REQUIRED WORK: Tally the lines of the records that contain the string "hsplit", then give the total and nothing more.

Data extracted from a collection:
Lemma hproj_filtration_eq0 j x : x \in X (hweight a j + 1) -> x *m pi j = 0.
Proof.
case: j => [[i|i]|] /= xX; rewrite ?(mul_dyad hq).
- by rewrite polar_f_eq0 // scale0r.
- have [a1 EiX] := Ea i; rewrite addrC in xX.
  by rewrite ((filtration_orthoP hX x a1).1 xX _ EiX) scale0r.
apply: mulmx_span_eq0 (subvP (spanE (lexx _)) _ xX) => _ /mapP [i _ ->].
exact: (e_hproj_None hq hyp).
Qed.

End FiltrationGrading.

Theorem filtration_grading (k : fieldType) n (Q : 'rV[k]_n -> k) X :
  is_quadratic_form Q -> Q_nondegenerate Q -> Q_filtration Q X ->
  exists (I : finType) (pi : I -> 'M[k]_n) (w : I -> int),
    qf_grading Q pi w /\ filtration_split X pi w.
Proof.
move=> hq hnd hX; have [r [E [a [freeE Ea spanE]]]] := filtration_basis hX.
have EX1 (i : 'I_r) : E`_i \in X 1.
  by have [a1 EiX] := Ea i; apply: subvP (filtration_antimono hX a1) _ EiX.
have isoX1 x : x \in X 1 -> Q x = 0 := filtration_isotropic hX (lexx 1).
have [f hyp] := hyperbolic_partner hq hnd isoX1 freeE EX1.
exists _, (hproj Q (fun i : 'I_r => E`_i) f), (hweight a).
split; first exact: hyperbolic_grading.
by split=> j x; [apply: hproj_filtration | apply: hproj_filtration_eq0].
Qed.

(** * Extension of scalars *)

Section ScalarExtension.
Variables (k L : fieldType) (iota : {rmorphism k -> L}) (n : nat).
Variable Q : 'rV[k]_n -> k.
Hypothesis hq : is_quadratic_form Q.
Local Notation qL := (Qext iota Q).
Local Notation A := (qf_mx Q).
Local Notation "M ^i" := (map_mx iota M) (at level 2, format "M ^i").

Lemma Qext_bil x : qL x = bil A^i x x.
Proof.
rewrite bil_expand /Qext -big_split /=; apply: eq_bigr => i _.
rewrite [RHS](bigD1 i) //= !mxE eqxx; congr (_ + _); first by rewrite expr2 mulrAC.
rewrite big_mkcond [RHS]big_mkcond; apply: eq_bigr => j _ /=; rewrite !mxE.
have [<-|ij] := eqVneq i j; first by rewrite ltnn.
by case: ifP => _; rewrite ?rmorph0 ?mulr0 ?mul0r // mulrAC.
Qed.

Lemma Qext_qf : is_quadratic_form qL.
Proof. exact: bil_qf Qext_bil. Qed.

Lemma Qext_map (M M' : 'M[k]_n) : (forall y, Q (y *m M) = Q (y *m M')) ->
  forall x, qL (x *m M^i) = qL (x *m M'^i).
Proof.
move=> eqQ x; apply/eqP; rewrite -subr_eq0 !Qext_bil !bil_mulmx -bilBm.
rewrite !map_trmx -!map_mxM -map_mxB; apply/eqP/alt_map_mx => y.
by rewrite bilBm -!bil_mulmx -!qf_bil // eqQ subrr.
Qed.

Lemma polar_Qext_map (M M' : 'M[k]_n) :
  (forall y z, polar Q (y *m M) (z *m M') = 0) ->
  forall x x', polar qL (x *m M^i) (x' *m M'^i) = 0.
Proof.
move=> polar0 x x'.
have B0 : M *m (A + A^T) *m M'^T = 0.
  apply/matrixP => i j; rewrite -bil_delta -bil_mulmx.
  by rewrite -(polar_bil (qf_bil hq)) polar0 mxE.
rewrite (polar_bil Qext_bil) bil_mulmx !map_trmx -map_mxD -!map_mxM B0.
by rewrite map_mx0 /bil mulmx0 mul0mx mxE.
Qed.

Lemma Ogroup_map T : Ogroup Q T -> Ogroup qL T^i.
Proof.
case=> unitT QT; split; first by rewrite map_unitmx.
by move=> x; rewrite (@Qext_map T 1%:M) ?map_mx1 ?mulmx1 // => y; rewrite mulmx1.
Qed.

Lemma qf_grading_map (I : finType) (pi : I -> 'M[k]_n) w :
  qf_grading Q pi w -> qf_grading qL (fun j => (pi j)^i) w.
Proof.
case=> sum1 orth iso pol; split.
- by rewrite -map_mx_sum sum1 map_mx1.
- by move=> j l; rewrite -map_mxM orth (fun_if (map_mx iota)) map_mx0.
- move=> j x wj; rewrite (@Qext_map _ 0) ?map_mx0 ?mulmx0 ?(qf0 Qext_qf) // => y.
  by rewrite iso // mulmx0 qf0.
- by move=> j l x y wjl; apply: polar_Qext_map => y' z'; apply: pol.
Qed.

Lemma weight_raising_map (I : finType) (pi : I -> 'M[k]_n) w N :
  weight_raising pi w N -> weight_raising (fun j => (pi j)^i) w N^i.
Proof. by move=> raise j l wjl; rewrite -!map_mxM raise // map_mx0. Qed.

End ScalarExtension.

Lemma nilpotent_unitmx (k : fieldType) n (N : 'M[k]_n) :
  nilpotent_mx N -> 1%:M + N \in unitmx.
Proof.
case=> m Nm; suff /mulmx1_unit[] : (1%:M + N) *m \sum_(i < m) (- N) ^+ i = 1%:M by [].
rewrite mulmxE idmxE; apply: oppr_inj; rewrite -mulNr opprD addrC.
by rewrite -subrX1 exprNn Nm mulr0 sub0r.
Qed.

Section LowerNilpotent.
Variables (k : fieldType) (n : nat) (Q : 'rV[k]_n -> k).
Variables (X : int -> {vspace 'rV[k]_n}) (N : 'M[k]_n).
Hypothesis hN : E2 Q X N.

Lemma E2_Ogroup : Ogroup Q (1%:M + N).
Proof.
case: hN => [[nilN QN] _]; split; first exact: nilpotent_unitmx.
by move=> x; rewrite mulmxDr mulmx1 qfD QN subrK.
Qed.

Lemma E2_weight_raising (I : finType) (pi : I -> 'M[k]_n) w :
  Q_filtration Q X -> filtration_split X pi w -> weight_raising pi w N.
Proof.
move=> hX [piX piX0] j l wl; apply: mx_rV_ext => x; rewrite mulmx0 !mulmxA.
apply: piX0; case: hN => _ /(_ _ _ (piX j x)); apply: subvP.
by apply: (filtration_antimono hX); rewrite lezD1.
Qed.

End LowerNilpotent.

Theorem mainTheorem4 (k : fieldType) (n : nat) (Q : 'rV[k]_n -> k)
  (X : int -> {vspace 'rV[k]_n}) :
  (finite_field k \/ GRing.closed_field_axiom k) ->
  is_quadratic_form Q -> Q_nondegenerate Q -> Q_filtration Q X ->
  forall N : 'M[k]_n, E2 Q X N -> SO_Q Q (1%:M + N).
Proof.
move=> _ hq hnd hX N hN.
have [I [pi [w [grading hsplit]]]] := filtration_grading hq hnd hX.
have raise := E2_weight_raising hN hX hsplit.
have OqT := E2_Ogroup hN.
split=> [kclosed|_].
  exact: (unipotent_identity_component hq grading raise OqT kclosed).
split=> // L iota [Lclosed _].
have := Ogroup_map iota hq OqT; rewrite map_mxD map_mx1 => OqTL.
exact: (unipotent_identity_component (Qext_qf iota Q)
  (qf_grading_map iota hq grading) (weight_raising_map iota raise) OqTL Lclosed).
Qed.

WRITTEN RESPONSE: 2